> WHAT YOU SHOULD DO
For the listing below, print exactly the lines from the line with "have := (ge0_ReIm (pos ((s%:C)%C * a))).2." to the line with "End ComplexQuadratic.", both included, and nothing beyond them.

> RECORDS FOR THIS TASK
______

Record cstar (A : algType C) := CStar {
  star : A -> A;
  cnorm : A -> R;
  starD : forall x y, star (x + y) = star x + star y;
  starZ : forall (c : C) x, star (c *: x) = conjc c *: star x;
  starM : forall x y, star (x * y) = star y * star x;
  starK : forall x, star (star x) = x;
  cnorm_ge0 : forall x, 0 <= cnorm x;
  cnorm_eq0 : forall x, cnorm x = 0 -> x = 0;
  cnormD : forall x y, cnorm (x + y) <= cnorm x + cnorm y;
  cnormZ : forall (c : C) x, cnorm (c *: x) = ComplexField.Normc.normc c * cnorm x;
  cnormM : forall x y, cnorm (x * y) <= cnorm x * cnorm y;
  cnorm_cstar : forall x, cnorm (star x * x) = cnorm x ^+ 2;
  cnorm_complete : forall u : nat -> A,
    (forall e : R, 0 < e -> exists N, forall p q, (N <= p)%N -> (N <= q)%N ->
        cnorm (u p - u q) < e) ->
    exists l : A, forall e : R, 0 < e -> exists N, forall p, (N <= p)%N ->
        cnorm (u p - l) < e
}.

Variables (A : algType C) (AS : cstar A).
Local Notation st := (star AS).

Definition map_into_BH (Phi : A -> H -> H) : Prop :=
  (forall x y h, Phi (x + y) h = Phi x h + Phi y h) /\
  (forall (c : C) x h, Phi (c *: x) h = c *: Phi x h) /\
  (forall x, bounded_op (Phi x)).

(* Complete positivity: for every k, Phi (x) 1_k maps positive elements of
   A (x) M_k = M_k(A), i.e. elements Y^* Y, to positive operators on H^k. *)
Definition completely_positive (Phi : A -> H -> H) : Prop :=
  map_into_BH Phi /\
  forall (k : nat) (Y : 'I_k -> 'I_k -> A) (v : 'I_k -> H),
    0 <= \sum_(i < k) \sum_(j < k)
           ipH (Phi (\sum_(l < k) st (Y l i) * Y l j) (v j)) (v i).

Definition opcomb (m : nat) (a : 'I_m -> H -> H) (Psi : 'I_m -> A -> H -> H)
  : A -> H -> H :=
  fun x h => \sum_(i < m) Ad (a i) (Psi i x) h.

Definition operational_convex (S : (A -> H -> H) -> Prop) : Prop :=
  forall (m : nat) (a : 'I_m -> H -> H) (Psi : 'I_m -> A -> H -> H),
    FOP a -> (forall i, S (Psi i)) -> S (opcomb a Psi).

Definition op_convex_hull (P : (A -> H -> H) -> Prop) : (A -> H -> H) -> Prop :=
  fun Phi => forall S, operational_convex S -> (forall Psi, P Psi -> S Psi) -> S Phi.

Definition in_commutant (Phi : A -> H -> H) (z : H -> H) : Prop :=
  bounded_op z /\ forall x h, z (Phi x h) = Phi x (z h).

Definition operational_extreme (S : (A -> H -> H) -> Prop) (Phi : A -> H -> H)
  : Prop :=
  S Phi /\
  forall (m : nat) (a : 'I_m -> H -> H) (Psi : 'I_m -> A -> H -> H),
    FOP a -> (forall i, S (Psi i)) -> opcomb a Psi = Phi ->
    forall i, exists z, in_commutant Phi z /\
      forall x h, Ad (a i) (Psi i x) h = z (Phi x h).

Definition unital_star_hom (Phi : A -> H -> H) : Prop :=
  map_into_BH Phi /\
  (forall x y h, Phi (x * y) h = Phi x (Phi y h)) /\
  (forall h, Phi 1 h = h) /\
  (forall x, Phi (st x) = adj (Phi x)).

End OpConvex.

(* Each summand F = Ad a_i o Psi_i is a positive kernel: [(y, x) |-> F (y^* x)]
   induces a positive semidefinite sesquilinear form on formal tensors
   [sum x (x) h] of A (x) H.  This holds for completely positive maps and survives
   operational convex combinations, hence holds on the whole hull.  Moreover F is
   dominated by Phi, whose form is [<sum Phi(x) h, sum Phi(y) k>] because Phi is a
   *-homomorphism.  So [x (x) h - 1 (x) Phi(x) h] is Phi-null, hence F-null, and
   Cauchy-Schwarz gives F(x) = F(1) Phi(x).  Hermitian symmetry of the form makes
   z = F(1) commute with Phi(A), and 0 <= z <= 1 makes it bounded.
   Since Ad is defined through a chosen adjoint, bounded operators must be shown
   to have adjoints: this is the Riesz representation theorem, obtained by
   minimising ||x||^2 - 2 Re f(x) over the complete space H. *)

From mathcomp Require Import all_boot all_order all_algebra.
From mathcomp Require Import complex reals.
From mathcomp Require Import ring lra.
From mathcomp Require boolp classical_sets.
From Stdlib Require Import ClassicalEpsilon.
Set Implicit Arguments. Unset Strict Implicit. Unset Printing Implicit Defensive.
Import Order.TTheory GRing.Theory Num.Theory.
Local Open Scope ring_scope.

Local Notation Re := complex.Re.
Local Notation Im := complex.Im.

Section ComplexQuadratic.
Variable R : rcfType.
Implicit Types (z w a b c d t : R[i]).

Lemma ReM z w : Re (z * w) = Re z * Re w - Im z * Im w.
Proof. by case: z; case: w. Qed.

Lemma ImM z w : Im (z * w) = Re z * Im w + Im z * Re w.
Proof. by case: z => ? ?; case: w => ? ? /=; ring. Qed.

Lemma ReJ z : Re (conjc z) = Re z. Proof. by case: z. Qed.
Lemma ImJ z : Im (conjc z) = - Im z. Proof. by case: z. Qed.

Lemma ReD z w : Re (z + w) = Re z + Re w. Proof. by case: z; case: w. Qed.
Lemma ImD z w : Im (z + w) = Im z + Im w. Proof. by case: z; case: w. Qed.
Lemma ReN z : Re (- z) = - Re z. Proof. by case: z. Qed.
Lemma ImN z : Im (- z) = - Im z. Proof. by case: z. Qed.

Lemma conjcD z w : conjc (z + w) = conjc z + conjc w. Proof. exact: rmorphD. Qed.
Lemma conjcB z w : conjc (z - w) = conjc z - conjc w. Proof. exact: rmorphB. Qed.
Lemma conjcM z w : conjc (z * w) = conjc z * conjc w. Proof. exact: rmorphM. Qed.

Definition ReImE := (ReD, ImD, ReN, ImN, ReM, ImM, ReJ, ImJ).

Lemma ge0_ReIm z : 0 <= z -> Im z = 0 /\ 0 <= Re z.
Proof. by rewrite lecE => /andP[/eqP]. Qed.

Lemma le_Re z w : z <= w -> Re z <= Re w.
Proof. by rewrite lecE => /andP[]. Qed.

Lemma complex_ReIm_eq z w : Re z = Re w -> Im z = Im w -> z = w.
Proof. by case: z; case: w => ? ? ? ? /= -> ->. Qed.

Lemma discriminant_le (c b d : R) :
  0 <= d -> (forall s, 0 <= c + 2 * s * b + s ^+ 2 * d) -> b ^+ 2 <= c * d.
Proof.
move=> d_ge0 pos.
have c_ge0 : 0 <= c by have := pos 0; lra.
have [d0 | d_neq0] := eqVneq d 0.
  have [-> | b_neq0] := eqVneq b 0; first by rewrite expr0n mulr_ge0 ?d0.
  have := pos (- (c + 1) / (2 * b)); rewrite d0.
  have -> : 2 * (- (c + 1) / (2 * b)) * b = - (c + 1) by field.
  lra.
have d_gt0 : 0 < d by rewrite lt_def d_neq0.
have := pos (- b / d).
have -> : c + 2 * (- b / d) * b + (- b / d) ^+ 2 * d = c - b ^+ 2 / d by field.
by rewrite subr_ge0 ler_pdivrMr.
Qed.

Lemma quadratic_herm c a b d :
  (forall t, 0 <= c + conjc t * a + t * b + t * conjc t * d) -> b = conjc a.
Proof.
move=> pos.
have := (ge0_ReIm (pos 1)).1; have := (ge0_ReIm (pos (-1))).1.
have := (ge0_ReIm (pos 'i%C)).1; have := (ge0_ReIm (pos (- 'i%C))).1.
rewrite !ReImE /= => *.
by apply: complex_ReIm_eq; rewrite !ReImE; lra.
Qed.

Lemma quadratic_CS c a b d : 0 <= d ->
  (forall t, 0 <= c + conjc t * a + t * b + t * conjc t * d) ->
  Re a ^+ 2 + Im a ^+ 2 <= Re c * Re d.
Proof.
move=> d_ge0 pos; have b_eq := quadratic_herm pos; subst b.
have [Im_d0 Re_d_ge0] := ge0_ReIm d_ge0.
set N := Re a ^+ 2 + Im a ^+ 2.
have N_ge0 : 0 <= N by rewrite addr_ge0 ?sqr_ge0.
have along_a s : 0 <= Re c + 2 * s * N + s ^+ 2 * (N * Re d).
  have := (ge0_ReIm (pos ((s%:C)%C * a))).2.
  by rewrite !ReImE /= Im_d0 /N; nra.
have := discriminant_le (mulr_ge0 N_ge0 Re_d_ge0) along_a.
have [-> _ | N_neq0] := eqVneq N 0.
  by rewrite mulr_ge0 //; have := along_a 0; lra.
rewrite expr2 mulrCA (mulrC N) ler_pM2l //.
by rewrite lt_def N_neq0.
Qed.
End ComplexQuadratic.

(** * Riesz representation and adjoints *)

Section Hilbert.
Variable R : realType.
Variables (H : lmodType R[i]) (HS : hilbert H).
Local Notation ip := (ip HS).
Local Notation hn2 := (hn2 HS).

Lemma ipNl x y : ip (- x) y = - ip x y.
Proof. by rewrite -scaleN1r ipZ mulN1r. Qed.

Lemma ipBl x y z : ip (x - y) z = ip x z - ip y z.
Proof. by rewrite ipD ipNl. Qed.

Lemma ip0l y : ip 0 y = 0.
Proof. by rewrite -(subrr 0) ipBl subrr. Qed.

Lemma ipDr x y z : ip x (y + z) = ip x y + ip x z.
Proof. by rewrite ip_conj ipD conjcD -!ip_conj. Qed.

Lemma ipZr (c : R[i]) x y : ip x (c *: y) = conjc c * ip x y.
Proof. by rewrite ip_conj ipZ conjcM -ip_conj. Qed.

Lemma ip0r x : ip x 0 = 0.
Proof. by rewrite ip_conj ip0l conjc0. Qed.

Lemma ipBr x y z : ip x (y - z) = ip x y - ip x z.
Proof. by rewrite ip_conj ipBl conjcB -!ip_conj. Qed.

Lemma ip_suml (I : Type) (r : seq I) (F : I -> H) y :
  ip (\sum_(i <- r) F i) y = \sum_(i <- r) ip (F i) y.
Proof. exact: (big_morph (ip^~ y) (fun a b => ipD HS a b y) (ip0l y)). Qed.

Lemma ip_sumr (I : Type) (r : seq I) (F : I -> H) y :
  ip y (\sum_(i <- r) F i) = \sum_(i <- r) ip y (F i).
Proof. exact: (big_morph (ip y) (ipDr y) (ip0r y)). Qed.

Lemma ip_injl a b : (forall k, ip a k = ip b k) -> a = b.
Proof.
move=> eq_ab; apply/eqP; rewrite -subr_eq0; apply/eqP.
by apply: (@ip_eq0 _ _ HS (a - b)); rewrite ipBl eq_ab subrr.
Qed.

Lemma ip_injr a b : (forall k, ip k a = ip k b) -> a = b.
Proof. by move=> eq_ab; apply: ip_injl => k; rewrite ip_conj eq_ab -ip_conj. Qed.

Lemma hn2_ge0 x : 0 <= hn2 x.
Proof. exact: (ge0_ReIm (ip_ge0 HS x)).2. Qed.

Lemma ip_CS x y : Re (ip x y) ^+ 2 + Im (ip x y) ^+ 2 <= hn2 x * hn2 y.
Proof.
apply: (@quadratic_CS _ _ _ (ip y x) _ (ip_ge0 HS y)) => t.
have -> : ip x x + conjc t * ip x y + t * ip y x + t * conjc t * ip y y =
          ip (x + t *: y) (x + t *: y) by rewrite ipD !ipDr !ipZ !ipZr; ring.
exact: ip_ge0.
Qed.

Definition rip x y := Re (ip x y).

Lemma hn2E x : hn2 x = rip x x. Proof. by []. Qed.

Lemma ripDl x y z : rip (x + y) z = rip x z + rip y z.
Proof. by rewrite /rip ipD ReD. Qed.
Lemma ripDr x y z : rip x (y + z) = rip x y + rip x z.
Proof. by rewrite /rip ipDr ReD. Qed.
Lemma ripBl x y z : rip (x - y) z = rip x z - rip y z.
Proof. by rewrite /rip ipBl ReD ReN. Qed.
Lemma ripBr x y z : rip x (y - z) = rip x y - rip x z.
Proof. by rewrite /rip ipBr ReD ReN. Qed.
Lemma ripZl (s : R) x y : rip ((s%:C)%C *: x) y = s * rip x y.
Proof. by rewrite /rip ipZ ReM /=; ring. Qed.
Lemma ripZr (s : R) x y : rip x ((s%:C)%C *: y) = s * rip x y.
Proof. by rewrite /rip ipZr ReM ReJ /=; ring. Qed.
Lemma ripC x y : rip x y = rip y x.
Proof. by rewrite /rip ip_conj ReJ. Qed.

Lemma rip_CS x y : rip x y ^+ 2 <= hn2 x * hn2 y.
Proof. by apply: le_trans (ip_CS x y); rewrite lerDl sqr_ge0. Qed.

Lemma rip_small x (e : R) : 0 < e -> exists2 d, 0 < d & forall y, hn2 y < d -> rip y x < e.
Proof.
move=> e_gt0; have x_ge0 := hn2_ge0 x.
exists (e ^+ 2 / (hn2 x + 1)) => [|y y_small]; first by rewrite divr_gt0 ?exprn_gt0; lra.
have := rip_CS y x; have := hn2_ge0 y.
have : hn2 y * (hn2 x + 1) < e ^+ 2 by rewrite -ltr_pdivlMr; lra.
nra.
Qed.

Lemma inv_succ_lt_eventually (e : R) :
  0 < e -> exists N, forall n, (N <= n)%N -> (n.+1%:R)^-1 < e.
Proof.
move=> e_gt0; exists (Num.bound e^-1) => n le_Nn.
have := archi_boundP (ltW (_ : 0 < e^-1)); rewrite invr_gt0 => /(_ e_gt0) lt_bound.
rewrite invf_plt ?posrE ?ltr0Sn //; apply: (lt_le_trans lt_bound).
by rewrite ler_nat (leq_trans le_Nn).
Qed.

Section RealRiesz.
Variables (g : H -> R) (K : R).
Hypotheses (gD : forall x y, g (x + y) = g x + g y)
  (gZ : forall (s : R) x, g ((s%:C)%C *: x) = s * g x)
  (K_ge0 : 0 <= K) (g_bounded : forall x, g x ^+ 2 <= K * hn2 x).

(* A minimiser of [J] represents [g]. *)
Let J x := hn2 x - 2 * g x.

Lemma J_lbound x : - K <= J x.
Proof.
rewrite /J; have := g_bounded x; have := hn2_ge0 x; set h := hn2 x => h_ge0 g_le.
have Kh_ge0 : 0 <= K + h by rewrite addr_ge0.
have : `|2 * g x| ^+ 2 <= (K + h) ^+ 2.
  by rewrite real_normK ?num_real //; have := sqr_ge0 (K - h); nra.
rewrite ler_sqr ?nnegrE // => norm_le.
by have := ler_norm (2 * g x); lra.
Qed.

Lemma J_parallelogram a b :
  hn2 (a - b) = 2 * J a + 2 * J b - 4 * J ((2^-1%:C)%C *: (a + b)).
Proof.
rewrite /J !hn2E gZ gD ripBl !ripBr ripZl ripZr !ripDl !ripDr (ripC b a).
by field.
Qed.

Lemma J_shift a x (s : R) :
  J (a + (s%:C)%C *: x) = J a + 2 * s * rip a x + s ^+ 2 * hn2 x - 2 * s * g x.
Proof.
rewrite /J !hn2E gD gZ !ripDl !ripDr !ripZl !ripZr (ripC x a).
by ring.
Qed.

______

> TASK RESULT
  have := (ge0_ReIm (pos ((s%:C)%C * a))).2.
  by rewrite !ReImE /= Im_d0 /N; nra.
have := discriminant_le (mulr_ge0 N_ge0 Re_d_ge0) along_a.
have [-> _ | N_neq0] := eqVneq N 0.
  by rewrite mulr_ge0 //; have := along_a 0; lra.
rewrite expr2 mulrCA (mulrC N) ler_pM2l //.
by rewrite lt_def N_neq0.
Qed.
End ComplexQuadratic.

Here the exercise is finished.